[Start of Attachment]

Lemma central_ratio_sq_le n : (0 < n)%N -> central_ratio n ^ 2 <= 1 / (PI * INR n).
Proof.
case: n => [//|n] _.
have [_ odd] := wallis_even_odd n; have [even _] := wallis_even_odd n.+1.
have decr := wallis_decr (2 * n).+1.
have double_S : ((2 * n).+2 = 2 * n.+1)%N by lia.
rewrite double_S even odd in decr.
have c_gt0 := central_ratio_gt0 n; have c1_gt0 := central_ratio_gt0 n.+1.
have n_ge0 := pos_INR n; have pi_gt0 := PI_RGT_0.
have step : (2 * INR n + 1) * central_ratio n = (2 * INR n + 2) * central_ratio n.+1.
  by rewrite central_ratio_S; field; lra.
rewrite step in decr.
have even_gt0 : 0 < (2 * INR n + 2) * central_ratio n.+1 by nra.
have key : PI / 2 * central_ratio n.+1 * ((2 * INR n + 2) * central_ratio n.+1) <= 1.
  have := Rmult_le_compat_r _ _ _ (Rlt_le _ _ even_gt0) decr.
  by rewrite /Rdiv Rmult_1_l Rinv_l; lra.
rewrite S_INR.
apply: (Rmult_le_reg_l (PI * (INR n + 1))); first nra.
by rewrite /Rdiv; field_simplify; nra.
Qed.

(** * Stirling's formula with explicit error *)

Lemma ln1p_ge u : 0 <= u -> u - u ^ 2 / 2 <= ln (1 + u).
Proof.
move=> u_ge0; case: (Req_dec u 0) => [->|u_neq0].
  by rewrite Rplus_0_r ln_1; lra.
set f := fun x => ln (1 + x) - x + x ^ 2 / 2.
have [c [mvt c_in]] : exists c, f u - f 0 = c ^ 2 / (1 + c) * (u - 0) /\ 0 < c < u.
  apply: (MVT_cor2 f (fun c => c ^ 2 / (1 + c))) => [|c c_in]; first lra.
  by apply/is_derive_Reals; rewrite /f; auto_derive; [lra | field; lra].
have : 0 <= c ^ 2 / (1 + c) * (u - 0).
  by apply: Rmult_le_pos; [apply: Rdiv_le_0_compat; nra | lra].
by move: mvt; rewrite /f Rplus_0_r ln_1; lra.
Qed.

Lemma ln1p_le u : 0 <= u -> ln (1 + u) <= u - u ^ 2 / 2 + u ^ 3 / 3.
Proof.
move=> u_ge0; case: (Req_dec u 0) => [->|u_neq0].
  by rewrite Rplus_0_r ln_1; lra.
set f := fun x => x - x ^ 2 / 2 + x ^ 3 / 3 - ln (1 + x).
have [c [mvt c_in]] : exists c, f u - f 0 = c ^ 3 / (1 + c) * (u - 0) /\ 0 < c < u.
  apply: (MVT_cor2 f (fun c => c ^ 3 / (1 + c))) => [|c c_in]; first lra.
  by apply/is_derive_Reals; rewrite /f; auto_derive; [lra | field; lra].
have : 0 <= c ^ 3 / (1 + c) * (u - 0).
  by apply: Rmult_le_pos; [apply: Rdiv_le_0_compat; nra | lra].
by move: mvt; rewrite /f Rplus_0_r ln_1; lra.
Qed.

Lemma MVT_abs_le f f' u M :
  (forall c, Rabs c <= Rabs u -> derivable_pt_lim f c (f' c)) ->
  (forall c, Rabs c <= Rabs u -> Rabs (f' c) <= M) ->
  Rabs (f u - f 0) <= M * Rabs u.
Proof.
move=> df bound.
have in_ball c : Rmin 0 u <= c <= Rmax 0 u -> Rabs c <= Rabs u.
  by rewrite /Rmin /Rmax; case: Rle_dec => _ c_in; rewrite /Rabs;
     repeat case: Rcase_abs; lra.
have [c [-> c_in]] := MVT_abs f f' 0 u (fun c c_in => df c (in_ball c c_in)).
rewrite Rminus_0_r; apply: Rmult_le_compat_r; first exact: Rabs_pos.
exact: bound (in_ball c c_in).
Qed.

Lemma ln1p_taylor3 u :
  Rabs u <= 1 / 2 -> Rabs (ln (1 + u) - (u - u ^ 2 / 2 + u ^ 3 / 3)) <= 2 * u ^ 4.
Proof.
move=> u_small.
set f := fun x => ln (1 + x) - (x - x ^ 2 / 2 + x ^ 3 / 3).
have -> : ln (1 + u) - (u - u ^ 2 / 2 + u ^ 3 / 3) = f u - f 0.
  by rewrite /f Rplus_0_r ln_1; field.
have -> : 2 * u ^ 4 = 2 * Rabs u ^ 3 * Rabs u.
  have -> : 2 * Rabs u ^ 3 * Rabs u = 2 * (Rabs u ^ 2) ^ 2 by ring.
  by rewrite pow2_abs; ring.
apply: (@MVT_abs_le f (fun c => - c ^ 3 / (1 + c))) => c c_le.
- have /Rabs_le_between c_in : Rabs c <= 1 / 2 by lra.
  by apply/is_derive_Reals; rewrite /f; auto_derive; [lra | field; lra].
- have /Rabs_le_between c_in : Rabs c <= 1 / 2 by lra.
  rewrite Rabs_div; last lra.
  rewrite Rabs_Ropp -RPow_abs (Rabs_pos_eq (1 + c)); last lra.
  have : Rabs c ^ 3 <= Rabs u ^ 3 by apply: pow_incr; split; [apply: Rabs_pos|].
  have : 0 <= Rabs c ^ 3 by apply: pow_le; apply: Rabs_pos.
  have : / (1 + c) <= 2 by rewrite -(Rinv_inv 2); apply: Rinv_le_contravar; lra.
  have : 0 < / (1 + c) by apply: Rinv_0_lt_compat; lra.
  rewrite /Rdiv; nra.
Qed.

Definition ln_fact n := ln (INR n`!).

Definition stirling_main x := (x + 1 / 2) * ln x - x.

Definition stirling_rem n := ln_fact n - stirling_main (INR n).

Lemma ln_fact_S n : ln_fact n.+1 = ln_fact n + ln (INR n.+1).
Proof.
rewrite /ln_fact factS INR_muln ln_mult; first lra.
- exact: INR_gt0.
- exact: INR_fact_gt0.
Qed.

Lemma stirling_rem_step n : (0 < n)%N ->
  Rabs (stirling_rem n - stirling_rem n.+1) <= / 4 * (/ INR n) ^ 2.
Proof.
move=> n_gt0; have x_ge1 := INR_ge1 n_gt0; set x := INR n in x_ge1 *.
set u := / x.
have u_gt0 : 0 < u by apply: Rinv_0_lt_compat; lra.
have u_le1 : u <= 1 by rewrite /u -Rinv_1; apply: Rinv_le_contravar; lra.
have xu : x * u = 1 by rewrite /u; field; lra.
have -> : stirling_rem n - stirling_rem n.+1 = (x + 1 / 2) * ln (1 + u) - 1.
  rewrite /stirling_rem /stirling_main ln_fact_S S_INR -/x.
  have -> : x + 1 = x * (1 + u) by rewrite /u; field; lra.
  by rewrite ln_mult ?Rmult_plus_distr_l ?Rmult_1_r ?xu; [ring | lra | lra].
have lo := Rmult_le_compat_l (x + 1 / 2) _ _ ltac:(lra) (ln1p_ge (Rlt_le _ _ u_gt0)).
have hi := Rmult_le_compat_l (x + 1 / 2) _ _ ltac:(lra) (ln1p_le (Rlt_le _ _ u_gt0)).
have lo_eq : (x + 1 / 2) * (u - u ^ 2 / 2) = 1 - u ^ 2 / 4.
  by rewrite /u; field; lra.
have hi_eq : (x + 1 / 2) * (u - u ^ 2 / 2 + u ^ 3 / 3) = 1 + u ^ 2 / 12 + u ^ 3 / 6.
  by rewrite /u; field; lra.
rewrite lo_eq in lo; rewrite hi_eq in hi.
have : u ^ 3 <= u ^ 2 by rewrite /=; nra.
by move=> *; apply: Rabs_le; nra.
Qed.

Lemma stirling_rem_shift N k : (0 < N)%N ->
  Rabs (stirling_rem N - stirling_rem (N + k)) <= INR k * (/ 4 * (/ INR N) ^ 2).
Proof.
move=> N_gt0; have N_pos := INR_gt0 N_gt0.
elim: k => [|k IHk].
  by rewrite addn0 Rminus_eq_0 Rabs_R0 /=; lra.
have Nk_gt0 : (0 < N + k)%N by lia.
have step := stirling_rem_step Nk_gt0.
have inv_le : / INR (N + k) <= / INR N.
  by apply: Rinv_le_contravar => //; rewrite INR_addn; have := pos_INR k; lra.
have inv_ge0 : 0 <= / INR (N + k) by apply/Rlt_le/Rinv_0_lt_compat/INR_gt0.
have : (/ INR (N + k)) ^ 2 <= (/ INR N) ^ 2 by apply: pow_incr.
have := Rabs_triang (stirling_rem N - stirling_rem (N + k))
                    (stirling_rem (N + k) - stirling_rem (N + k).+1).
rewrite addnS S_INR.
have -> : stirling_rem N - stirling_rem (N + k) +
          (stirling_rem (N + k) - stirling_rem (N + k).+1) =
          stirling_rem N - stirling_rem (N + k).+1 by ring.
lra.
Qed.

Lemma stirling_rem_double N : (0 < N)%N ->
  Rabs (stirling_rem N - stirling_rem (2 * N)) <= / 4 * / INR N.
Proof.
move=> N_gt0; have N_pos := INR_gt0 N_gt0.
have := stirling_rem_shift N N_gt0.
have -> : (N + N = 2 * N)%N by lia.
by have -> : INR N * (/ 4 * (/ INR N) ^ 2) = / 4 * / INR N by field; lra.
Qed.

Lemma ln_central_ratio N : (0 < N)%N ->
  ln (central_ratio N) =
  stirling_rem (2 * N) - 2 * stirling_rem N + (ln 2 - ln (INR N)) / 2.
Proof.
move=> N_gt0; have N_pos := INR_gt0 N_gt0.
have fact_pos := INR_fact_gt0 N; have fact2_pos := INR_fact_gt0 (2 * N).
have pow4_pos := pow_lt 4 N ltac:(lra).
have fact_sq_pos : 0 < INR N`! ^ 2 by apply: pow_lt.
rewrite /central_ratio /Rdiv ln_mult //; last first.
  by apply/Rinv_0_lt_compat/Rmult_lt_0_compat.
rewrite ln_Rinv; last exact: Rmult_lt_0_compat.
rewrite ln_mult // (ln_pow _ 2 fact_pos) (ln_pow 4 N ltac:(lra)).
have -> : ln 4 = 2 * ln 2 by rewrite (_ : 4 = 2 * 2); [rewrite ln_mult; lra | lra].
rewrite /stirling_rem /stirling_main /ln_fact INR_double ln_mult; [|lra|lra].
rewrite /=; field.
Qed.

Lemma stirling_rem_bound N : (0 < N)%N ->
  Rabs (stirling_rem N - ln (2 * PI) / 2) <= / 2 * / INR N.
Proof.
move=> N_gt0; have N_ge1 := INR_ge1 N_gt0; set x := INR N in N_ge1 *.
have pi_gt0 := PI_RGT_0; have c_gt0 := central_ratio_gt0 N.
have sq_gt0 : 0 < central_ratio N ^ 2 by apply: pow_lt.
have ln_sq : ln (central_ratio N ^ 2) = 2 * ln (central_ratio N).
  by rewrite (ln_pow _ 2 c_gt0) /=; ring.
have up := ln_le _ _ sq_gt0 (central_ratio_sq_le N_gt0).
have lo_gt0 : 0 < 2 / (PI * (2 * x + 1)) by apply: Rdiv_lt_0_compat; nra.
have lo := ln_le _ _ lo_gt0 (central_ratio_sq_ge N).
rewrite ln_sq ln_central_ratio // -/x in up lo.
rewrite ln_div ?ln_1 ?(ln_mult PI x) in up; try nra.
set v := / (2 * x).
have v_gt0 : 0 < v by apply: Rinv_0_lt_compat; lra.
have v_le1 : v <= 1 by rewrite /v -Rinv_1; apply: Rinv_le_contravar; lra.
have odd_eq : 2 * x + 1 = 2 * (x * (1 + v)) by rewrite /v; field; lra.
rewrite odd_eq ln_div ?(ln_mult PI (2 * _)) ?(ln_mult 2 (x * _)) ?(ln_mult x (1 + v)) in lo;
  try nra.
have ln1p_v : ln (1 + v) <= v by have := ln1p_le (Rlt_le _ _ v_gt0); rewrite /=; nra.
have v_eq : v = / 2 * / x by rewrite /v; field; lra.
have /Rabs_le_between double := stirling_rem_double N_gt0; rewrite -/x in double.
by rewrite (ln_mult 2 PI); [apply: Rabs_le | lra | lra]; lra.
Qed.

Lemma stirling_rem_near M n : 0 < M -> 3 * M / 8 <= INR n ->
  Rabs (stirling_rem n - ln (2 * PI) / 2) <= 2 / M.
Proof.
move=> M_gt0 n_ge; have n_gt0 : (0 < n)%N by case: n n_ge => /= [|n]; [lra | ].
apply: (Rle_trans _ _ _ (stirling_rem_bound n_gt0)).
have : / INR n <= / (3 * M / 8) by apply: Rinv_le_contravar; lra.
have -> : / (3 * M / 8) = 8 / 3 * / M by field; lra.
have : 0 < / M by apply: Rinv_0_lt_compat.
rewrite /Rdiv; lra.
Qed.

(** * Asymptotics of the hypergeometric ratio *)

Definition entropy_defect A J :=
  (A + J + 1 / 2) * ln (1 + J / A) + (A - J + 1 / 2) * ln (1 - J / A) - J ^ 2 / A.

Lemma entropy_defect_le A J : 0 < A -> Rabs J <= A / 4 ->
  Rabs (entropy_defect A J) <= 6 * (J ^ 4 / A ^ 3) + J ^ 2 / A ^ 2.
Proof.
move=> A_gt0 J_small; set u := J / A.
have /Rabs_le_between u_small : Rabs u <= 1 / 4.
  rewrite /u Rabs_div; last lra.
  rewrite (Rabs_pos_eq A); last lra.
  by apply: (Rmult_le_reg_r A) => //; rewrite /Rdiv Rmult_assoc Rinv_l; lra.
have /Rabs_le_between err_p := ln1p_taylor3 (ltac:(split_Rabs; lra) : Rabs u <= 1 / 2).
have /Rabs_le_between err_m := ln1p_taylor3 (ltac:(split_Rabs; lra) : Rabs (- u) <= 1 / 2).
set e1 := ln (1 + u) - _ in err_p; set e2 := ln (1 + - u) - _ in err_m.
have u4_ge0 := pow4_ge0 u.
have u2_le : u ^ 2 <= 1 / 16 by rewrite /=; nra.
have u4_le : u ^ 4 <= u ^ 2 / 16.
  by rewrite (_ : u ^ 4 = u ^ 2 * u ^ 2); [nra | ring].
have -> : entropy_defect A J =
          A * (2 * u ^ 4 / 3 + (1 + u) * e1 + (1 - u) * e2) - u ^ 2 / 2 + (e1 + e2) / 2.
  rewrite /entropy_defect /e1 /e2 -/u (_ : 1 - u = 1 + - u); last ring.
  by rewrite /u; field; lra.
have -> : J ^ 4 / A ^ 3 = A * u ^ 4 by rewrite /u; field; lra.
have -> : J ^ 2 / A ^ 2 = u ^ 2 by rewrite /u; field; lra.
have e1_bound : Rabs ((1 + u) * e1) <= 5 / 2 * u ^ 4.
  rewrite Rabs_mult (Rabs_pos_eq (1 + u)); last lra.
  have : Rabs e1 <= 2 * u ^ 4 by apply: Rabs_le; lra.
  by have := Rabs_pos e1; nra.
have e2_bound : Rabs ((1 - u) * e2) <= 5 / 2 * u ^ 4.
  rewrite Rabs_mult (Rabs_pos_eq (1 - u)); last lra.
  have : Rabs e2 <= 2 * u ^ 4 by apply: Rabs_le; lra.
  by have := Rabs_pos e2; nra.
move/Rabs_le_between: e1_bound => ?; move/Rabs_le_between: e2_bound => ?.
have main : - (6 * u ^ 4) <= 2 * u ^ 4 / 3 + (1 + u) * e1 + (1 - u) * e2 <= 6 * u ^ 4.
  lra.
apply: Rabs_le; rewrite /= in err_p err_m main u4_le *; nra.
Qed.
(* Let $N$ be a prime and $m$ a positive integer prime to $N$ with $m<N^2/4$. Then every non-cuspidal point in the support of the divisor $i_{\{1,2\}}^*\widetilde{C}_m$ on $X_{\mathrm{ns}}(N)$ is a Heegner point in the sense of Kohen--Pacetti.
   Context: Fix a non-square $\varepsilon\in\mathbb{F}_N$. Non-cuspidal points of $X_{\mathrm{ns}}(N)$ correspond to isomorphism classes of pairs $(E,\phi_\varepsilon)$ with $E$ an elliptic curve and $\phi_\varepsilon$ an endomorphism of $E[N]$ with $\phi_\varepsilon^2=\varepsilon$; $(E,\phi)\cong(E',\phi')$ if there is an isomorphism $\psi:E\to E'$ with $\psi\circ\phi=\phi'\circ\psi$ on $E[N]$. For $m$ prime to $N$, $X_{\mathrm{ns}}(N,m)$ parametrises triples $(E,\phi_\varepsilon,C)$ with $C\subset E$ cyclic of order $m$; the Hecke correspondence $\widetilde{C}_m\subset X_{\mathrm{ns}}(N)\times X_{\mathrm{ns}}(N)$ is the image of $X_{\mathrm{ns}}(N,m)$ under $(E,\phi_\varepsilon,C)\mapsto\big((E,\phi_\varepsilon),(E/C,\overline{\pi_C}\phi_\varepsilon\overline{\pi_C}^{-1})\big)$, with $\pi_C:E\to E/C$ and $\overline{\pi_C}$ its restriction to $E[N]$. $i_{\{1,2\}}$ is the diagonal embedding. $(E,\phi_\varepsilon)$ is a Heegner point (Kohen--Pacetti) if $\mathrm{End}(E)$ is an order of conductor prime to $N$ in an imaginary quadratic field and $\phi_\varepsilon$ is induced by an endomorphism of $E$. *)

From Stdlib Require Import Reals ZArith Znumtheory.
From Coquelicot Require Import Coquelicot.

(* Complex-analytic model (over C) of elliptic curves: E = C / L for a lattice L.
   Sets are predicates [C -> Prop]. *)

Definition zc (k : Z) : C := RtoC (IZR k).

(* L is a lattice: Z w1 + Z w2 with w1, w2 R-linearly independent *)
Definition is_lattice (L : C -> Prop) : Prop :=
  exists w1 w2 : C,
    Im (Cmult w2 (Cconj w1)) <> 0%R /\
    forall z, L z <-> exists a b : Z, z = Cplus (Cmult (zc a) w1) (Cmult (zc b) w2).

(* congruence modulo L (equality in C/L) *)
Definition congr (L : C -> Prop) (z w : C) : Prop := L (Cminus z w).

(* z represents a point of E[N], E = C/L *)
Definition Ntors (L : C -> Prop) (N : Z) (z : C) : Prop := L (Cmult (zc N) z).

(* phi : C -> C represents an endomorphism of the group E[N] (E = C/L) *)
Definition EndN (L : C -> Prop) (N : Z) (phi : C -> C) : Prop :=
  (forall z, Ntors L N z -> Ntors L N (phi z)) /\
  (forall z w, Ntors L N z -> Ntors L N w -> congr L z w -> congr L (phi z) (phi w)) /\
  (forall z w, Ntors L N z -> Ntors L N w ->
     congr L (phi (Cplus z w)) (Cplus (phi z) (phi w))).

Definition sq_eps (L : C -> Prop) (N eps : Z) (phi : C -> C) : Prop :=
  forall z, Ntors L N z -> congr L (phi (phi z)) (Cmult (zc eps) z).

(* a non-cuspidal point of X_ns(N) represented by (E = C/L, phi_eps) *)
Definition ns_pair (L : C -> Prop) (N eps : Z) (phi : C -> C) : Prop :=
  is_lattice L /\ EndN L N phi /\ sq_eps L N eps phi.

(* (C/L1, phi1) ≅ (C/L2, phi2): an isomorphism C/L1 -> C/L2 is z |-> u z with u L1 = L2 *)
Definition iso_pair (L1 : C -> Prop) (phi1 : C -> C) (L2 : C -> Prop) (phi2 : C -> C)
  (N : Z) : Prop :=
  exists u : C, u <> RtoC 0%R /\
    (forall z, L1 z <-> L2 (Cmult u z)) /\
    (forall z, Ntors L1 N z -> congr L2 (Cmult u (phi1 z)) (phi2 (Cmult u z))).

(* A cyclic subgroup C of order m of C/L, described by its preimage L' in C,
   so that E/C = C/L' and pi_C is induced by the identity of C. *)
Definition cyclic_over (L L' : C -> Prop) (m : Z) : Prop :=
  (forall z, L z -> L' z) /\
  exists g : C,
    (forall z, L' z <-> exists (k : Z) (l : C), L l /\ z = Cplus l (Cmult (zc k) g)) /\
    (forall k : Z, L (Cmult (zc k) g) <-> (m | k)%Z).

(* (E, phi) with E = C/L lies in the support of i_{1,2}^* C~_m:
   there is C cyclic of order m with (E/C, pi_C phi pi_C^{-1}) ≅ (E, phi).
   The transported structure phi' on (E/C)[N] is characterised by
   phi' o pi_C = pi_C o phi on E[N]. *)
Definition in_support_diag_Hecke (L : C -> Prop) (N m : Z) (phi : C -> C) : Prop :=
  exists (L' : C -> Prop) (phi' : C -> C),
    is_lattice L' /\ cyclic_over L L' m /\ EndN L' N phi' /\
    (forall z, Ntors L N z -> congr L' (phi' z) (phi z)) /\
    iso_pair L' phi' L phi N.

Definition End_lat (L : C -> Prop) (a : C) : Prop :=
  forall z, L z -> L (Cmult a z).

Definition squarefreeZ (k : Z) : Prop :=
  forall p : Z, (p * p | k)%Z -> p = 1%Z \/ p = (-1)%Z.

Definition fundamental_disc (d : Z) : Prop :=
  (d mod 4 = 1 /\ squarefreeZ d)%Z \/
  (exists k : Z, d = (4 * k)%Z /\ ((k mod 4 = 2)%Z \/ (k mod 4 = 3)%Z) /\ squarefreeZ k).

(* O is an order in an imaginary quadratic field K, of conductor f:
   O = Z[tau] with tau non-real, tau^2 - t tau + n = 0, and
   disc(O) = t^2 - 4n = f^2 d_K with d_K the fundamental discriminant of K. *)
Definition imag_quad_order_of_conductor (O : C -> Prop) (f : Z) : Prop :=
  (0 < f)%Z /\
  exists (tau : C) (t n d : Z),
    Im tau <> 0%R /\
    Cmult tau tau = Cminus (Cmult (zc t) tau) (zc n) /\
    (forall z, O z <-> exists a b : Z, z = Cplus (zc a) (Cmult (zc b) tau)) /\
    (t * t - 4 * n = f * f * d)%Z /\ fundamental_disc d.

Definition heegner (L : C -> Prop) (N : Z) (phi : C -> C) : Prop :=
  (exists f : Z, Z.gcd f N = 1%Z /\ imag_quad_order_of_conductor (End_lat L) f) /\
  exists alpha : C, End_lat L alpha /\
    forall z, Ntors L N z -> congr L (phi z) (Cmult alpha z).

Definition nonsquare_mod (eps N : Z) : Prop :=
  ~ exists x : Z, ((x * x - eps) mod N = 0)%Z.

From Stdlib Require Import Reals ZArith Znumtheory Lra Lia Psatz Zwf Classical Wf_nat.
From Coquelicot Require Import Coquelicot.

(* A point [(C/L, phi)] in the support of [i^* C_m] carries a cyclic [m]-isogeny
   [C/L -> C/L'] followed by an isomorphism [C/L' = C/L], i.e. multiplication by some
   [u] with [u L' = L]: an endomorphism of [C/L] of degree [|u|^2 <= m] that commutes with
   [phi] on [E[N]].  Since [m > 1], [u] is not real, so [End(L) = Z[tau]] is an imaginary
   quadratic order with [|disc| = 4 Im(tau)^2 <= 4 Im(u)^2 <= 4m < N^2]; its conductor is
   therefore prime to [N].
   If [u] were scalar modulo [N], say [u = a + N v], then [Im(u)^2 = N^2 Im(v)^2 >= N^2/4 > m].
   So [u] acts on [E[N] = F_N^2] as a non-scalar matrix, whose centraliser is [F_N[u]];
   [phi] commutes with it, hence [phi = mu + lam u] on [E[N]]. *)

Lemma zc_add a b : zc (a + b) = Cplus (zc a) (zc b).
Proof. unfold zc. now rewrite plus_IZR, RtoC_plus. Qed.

[End of Attachment]

# WORK TO COMPLETE
From the entries above, restate word for word the lines from the line containing "have -> : (N + N = 2 * N)%N by lia." to the line containing "have lo_gt0 : 0", both ends included, and nothing more.

# SOLUTION TO THE PROBLEM
have -> : (N + N = 2 * N)%N by lia.
by have -> : INR N * (/ 4 * (/ INR N) ^ 2) = / 4 * / INR N by field; lra.
Qed.

Lemma ln_central_ratio N : (0 < N)%N ->
  ln (central_ratio N) =
  stirling_rem (2 * N) - 2 * stirling_rem N + (ln 2 - ln (INR N)) / 2.
Proof.
move=> N_gt0; have N_pos := INR_gt0 N_gt0.
have fact_pos := INR_fact_gt0 N; have fact2_pos := INR_fact_gt0 (2 * N).
have pow4_pos := pow_lt 4 N ltac:(lra).
have fact_sq_pos : 0 < INR N`! ^ 2 by apply: pow_lt.
rewrite /central_ratio /Rdiv ln_mult //; last first.
  by apply/Rinv_0_lt_compat/Rmult_lt_0_compat.
rewrite ln_Rinv; last exact: Rmult_lt_0_compat.
rewrite ln_mult // (ln_pow _ 2 fact_pos) (ln_pow 4 N ltac:(lra)).
have -> : ln 4 = 2 * ln 2 by rewrite (_ : 4 = 2 * 2); [rewrite ln_mult; lra | lra].
rewrite /stirling_rem /stirling_main /ln_fact INR_double ln_mult; [|lra|lra].
rewrite /=; field.
Qed.

Lemma stirling_rem_bound N : (0 < N)%N ->
  Rabs (stirling_rem N - ln (2 * PI) / 2) <= / 2 * / INR N.
Proof.
move=> N_gt0; have N_ge1 := INR_ge1 N_gt0; set x := INR N in N_ge1 *.
have pi_gt0 := PI_RGT_0; have c_gt0 := central_ratio_gt0 N.
have sq_gt0 : 0 < central_ratio N ^ 2 by apply: pow_lt.
have ln_sq : ln (central_ratio N ^ 2) = 2 * ln (central_ratio N).
  by rewrite (ln_pow _ 2 c_gt0) /=; ring.
have up := ln_le _ _ sq_gt0 (central_ratio_sq_le N_gt0).
have lo_gt0 : 0 < 2 / (PI * (2 * x + 1)) by apply: Rdiv_lt_0_compat; nra.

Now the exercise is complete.